The following 6 markets are mostly above $200B and continue to grow at 10%+ annually. The enablement of AI will unleash newfound values within these markets and in some cases, cause major disruptions of the existing monopolistic-like dynamics.
Take the media space for example, the emergence of ByteDance is only the beginning. It proves that a strong AI has the capability of turning the traditional market upside down – in this case, it reverts the century-long process of “humans look for relevant information” to “relevant information comes to humans.” This is just scratching the surface. And yet the incumbents’ companies like Google and Facebook should be very concerned as innovations in this area would very well disrupt the existing order of social media and search engine spaces, to the very least.
If history is of any guidance, we should be well prepared by studying the trend and then embracingit fully.
* In many cases, it’s accelerated by recent events such as the pandemic.

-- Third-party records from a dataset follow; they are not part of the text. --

(* In the discrete-weight (geometric) model, let $\gamma>0$ be a fixed constant and let $\bar{\boldsymbol\theta}^*=\bar{\boldsymbol\theta}^*_n$ satisfy $q_n\le\bar\alpha_i^*+\bar\beta_j^*\le Q_n$ for all $i\ne j$, with $0<q_n\le Q_n$. Put $m_n=e^{Q_n}/(e^{Q_n}-1)^2$ and $M_n=e^{q_n}/(e^{q_n}-1)^2$ and assume $M_n/m_n=o(n)$. Suppose the realized degrees satisfy \[ \max\Bigl\{\max_{1\le i\le n}|d_i-\mathbb{E}(d_i)|,\ \max_{1\le j\le n}|b_j-\mathbb{E}(b_j)|\Bigr\}\le\sqrt{\frac{8(n-1)\log n}{\gamma q_n^2}} . \] Then, with an implicit constant depending only on $\gamma$, for all sufficiently large $n$, \[ r:=\bigl\|[F'(\bar{\boldsymbol\theta}^* )]^{-1}F(\bar{\boldsymbol\theta}^* )\bigr\|_\infty= O\Bigl(q_n^{-1}\bigl(e^{3Q_n}(1+q_n^{-4})+e^{Q_n}\bigr)\sqrt{\frac{\log n}{n}}\Bigr). \]
   Context: Discrete-weight model: Let $n\ge2$. Parameters $\bar{\boldsymbol\theta}=(\bar\alpha_1,\dots,\bar\alpha_n,\bar\beta_1,\dots,\bar\beta_{n-1})^\top$, with $\bar\beta_n:=0$ and $\bar\alpha_i+\bar\beta_j>0$ for $i\ne j$. Under $\mathbb{P}_{\bar{\boldsymbol\theta}}$, $A=(a_{i,j})$ has $a_{i,i}=0$ and mutually independent entries $a_{i,j}$ ($i\ne j$) with $\mathbb{P}(a_{i,j}=a)=(1-e^{-(\bar\alpha_i+\bar\beta_j)})e^{-(\bar\alpha_i+\bar\beta_j)a}$, $a=0,1,2,\dots$. $d_i=\sum_{j\ne i}a_{i,j}$, $b_j=\sum_{i\ne j}a_{i,j}$; expectations are under $\mathbb{P}_{\bar{\boldsymbol\theta}^*}$. With $f(x)=1/(e^x-1)$, $F:\{\bar{\boldsymbol\theta}\}\to\mathbb{R}^{2n-1}$ is $F_i(\bar{\boldsymbol\theta})=d_i-\sum_{k\ne i}f(\bar\alpha_i+\bar\beta_k)$ ($i\le n$), $F_{n+j}(\bar{\boldsymbol\theta})=b_j-\sum_{k\ne j}f(\bar\alpha_k+\bar\beta_j)$ ($j\le n-1$), and $F'$ is its Jacobian matrix. *)

From Stdlib Require Import Reals Lra Lia Arith List.
Open Scope R_scope.

Definition sumR (N : nat) (g : nat -> R) : R :=
  fold_right Rplus 0 (map g (seq 0 N)).

(* f(x) = 1/(e^x - 1); also the mean of a_{i,j} ~ Geom with parameter x. *)
Definition fgeo (x : R) : R := 1 / (exp x - 1).

(* Parameter vector theta : nat -> R, indices 0 .. 2n-2 (0-based):
   alpha_i = theta i (i < n), beta_j = theta (n + j) (j < n-1), beta_{n-1} := 0. *)
Definition alpha_of (theta : nat -> R) (i : nat) : R := theta i.
Definition beta_of (n : nat) (theta : nat -> R) (j : nat) : R :=
  if (j <? n - 1)%nat then theta (n + j)%nat else 0.

Definition outdeg (n : nat) (A : nat -> nat -> nat) (i : nat) : R :=
  sumR n (fun j => if (j =? i)%nat then 0 else INR (A i j)).
Definition indeg (n : nat) (A : nat -> nat -> nat) (j : nat) : R :=
  sumR n (fun i => if (i =? j)%nat then 0 else INR (A i j)).

Definition Eoutdeg (n : nat) (theta : nat -> R) (i : nat) : R :=
  sumR n (fun k => if (k =? i)%nat then 0
                   else fgeo (alpha_of theta i + beta_of n theta k)).
Definition Eindeg (n : nat) (theta : nat -> R) (j : nat) : R :=
  sumR n (fun k => if (k =? j)%nat then 0
                   else fgeo (alpha_of theta k + beta_of n theta j)).

Definition Fmap (n : nat) (A : nat -> nat -> nat) (theta : nat -> R) (k : nat) : R :=
  if (k <? n)%nat then outdeg n A k - Eoutdeg n theta k
  else indeg n A (k - n) - Eindeg n theta (k - n).

Definition upd (theta : nat -> R) (l : nat) (t : R) : nat -> R :=
  fun m => if (m =? l)%nat then t else theta m.

Definition is_jacobian (n : nat) (A : nat -> nat -> nat) (theta : nat -> R)
    (J : nat -> nat -> R) : Prop :=
  forall k l, (k < 2 * n - 1)%nat -> (l < 2 * n - 1)%nat ->
    derivable_pt_lim (fun t => Fmap n A (upd theta l t) k) (theta l) (J k l).

Definition is_inverse (N : nat) (J B : nat -> nat -> R) : Prop :=
  forall i k, (i < N)%nat -> (k < N)%nat ->
    sumR N (fun l => J i l * B l k) = (if (i =? k)%nat then 1 else 0) /\
    sumR N (fun l => B i l * J l k) = (if (i =? k)%nat then 1 else 0).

**As strange as it might sound, when I was a kid, I was fascinated by Darwin’s book “On the Origin of Species.” The work not only lays out how animals adapt to a new environment, but it also paints competitive dynamics between the old and emerging species that lead to such adoption/evolution. Even as an adult, I still love books and documentaries about nature.
It absolutely delighted me when I find out how similar it is between nature and our business world – i.e. bio-ecosystem VS market dynamics, landscape shift VS new tech breakthroughs, startups and incumbents VS new and old species. How the business world evolves is really not that much different than our mother nature.
*** Another example would be Netflix vs. traditional media companies. Started as a DVD rental business (i.e., you actually have to mail out physical DVDs and then expect consumers to mail them back via the US Postal Office), Netflix’s original business model was heavy with DVD warehouse and intense sorting and mailing labor operation, thus, arelatively low margin business. Because of the initial “low margin” characteristic, many media senior executives were blindsided. The gravity of short-term quarterly profit pulled them away from the long-term threat of Netflix. Many in the media industry failed to imagine how Netflix could morph into a digital-first streaming product that left giants such as Disney and Warner to play catch-up.
**** This is assuming everything else is equal. It’s worthwhile to point out that compared to traditional software companies, AI-first companies might have to be better at sales and marketing as the customer market will experience a learning curve on its own. Within the AI companies – which are often staffed with engineers and data scientists — the ones who have the best GTM approach /team will dominate since the end market doesn’t care about the technology but rather the ROI-proven solutions.